Offshore News

First U.S.-built SOV marks construction milestone

The first American-built offshore wind service operations vessel (SOV), the 262-foot ECO Edison has reached its 50% construction milestone at the Edison Chouest LaShip yard in Houma, La., and senior officials from Ørsted and Eversource were this week joined by House majority leader Steve Scalise, whose district includes Houma, to tour the yard and see the progress on the vessel.

Reaching the 50% milestone on this first U.S.-built SOV has seen more than 275,000 work hours logged to date, with no lost-time accidents and the VIP group met with members of the Chouest family and some of the 400 local workers building the SOV during their tour.

“This shipyard and this vessel are living proof that American offshore wind energy is providing economic opportunity and creating jobs today across the country,” said David Hardy, group EVP and CEO Americas at Ørsted. “This first American service operations vessel represents the ingenuity of businesses like Edison Chouest to build upon their legacy in offshore energy and to supply a cutting-edge vessel that will allow workers to safely and effectively operate offshore. The offshore wind energy industry is utilizing the talented and expert Gulf Coast workforce, and we’re proud that this first-of-its-kind vessel will support the production of more American energy, strengthening our national security and powering millions of American homes.”

“Offshore wind is a key driver of economic growth, creating well-paying jobs in states across the country and forging a new, domestic supply chain that, together, will position our nation as a global leader in the industries of tomorrow, today,” said Mike Ausere, vice president of business development at Eversource Energy. “This vessel is a testament to American leadership: Designed and built in the United States; as long as the Superdome is tall; able to host 60 wind turbine technicians – all whom will benefit from the vessel’s state-of-the-art accommodations to keep them safe and well-cared for while at sea; and ready to support the long-term operations and maintenance of our portfolio of offshore wind farms and consequent production of enough energy to power more than a million U.S. homes.”
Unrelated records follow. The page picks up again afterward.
Lemma biLipschitz_germ_ball U h : biLipschitz_germ U h ->
  exists s K1 K2, [/\ 0 < s, 0 < K1, 0 < K2, forall v, enorm v < s -> U v &
    bilipschitz_on [set v | enorm v < s] h K1 K2].
Proof.
move=> [U0 [[Uo _] [_ [r [K1 [K2 [r_gt0 [K1_gt0 [K12 hK]]]]]]]]].
have [r1 [r1_gt0 Ur1]] := Uo 0 U0.
have sU v : enorm v < r1 -> U v by move=> vr1; apply: Ur1; rewrite subr0.
exists (Num.min r r1), K1, K2; split => //.
- by rewrite lt_min r_gt0.
- exact: lt_le_trans K12.
- by move=> v; rewrite lt_min => /andP[_ /sU].
- move=> v w; rewrite /= !lt_min => /andP[vr /sU Uv] /andP[wr /sU Uw].
  exact: hK.
Qed.

End Directions.

(* h(A) is the image of the germ A, i.e. of A ∩ U, where U is the domain of h. *)
Theorem proposition5p8 (R : realType) (n : nat) (A B U : set 'rV[R]_n)
    (h : 'rV[R]_n -> 'rV[R]_n) :
  in_closure0 A -> in_closure0 B ->
  biLipschitz_germ U h ->
  SSP B ->
  dirset A `<=` dirset B ->
  dirset (h @` (A `&` U)) `<=` dirset (h @` (B `&` U)).
Proof.
move=> _ _ germ ssp AB d hd; have [U0 [homeo [h0 _]]] := germ.
have [s [K1 [K2 [s_gt0 K1_gt0 K2_gt0 sU hS]]]] := biLipschitz_germ_ball germ.
have [x [a /AB aB [xn0 x0 hx0 xa hxd]]] := dirset_image_subseq U0 h0 homeo hd.
have [b [bB xb_close]] := ssp x a (fun m => (xn0 m).1) x0 xa aB.
have xb : asym_equiv x b by move=> e /xb_close [N bN]; exists N => // m /bN [].
have x_small : \forall m \near \oo, enorm (x m) < s := vcvg0_near x0 s_gt0.
have b_small : \forall m \near \oo, enorm (b m) < s :=
  vcvg0_near (asym_equiv_cvg0 xb x0) s_gt0.
have hxb : asym_equiv (h \o x) (h \o b).
  apply: bilipschitz_asym_equiv K1_gt0 K2_gt0 hS _ h0 _ xb; first by rewrite /= enorm0.
  by near=> m; split; near: m.
have hb_neq0 := asym_equiv_neq0 hxb (fun m => (xn0 m).2).
have [d1 _] := hd.
apply: (dirset_tail (y := h \o b)) d1 _ (asym_equiv_cvg0 hxb hx0) _.
  near=> m; split; last by near: m.
  by exists (b m) => //; split => //; apply: sU; near: m.
exact: asym_equiv_dirv hxb (fun m => (xn0 m).2) hxd.
Unshelve. all: by end_near.
Qed.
“We’re proud to put our expertise to work on such an important vessel for the offshore wind industry’s future American fleet,” said Gary Chouest, president of Edison Chouest Offshore. “Thanks to our decades of experience in offshore industries, our in-house engineers, and the hard work of more than 400 of our shipbuilders, we’re now more than 50% complete on this historic, specialized vessel that will serve as a model for the U.S. offshore wind industry and a homebase for American offshore wind technicians for years to come.”

The ECO Edison is being built at Chouest in-house shipyards in Louisiana, Mississippi and Florida, supporting hundreds of jobs, with components of the vessel sourced from 34 states.

Ørsted, Eversource and Edison Chouest expect to christen the ECO Edison in 2024, and the vessel will play an integral part of the operation and maintenance of Ørsted and Eversource’s Revolution Wind, South Fork Wind and Sunrise Wind projects, together planned to generate more than 1.7 gigawatts of offshore wind energy, enough to power more than a million homes. The vessel will be based in Port Jefferson, New York.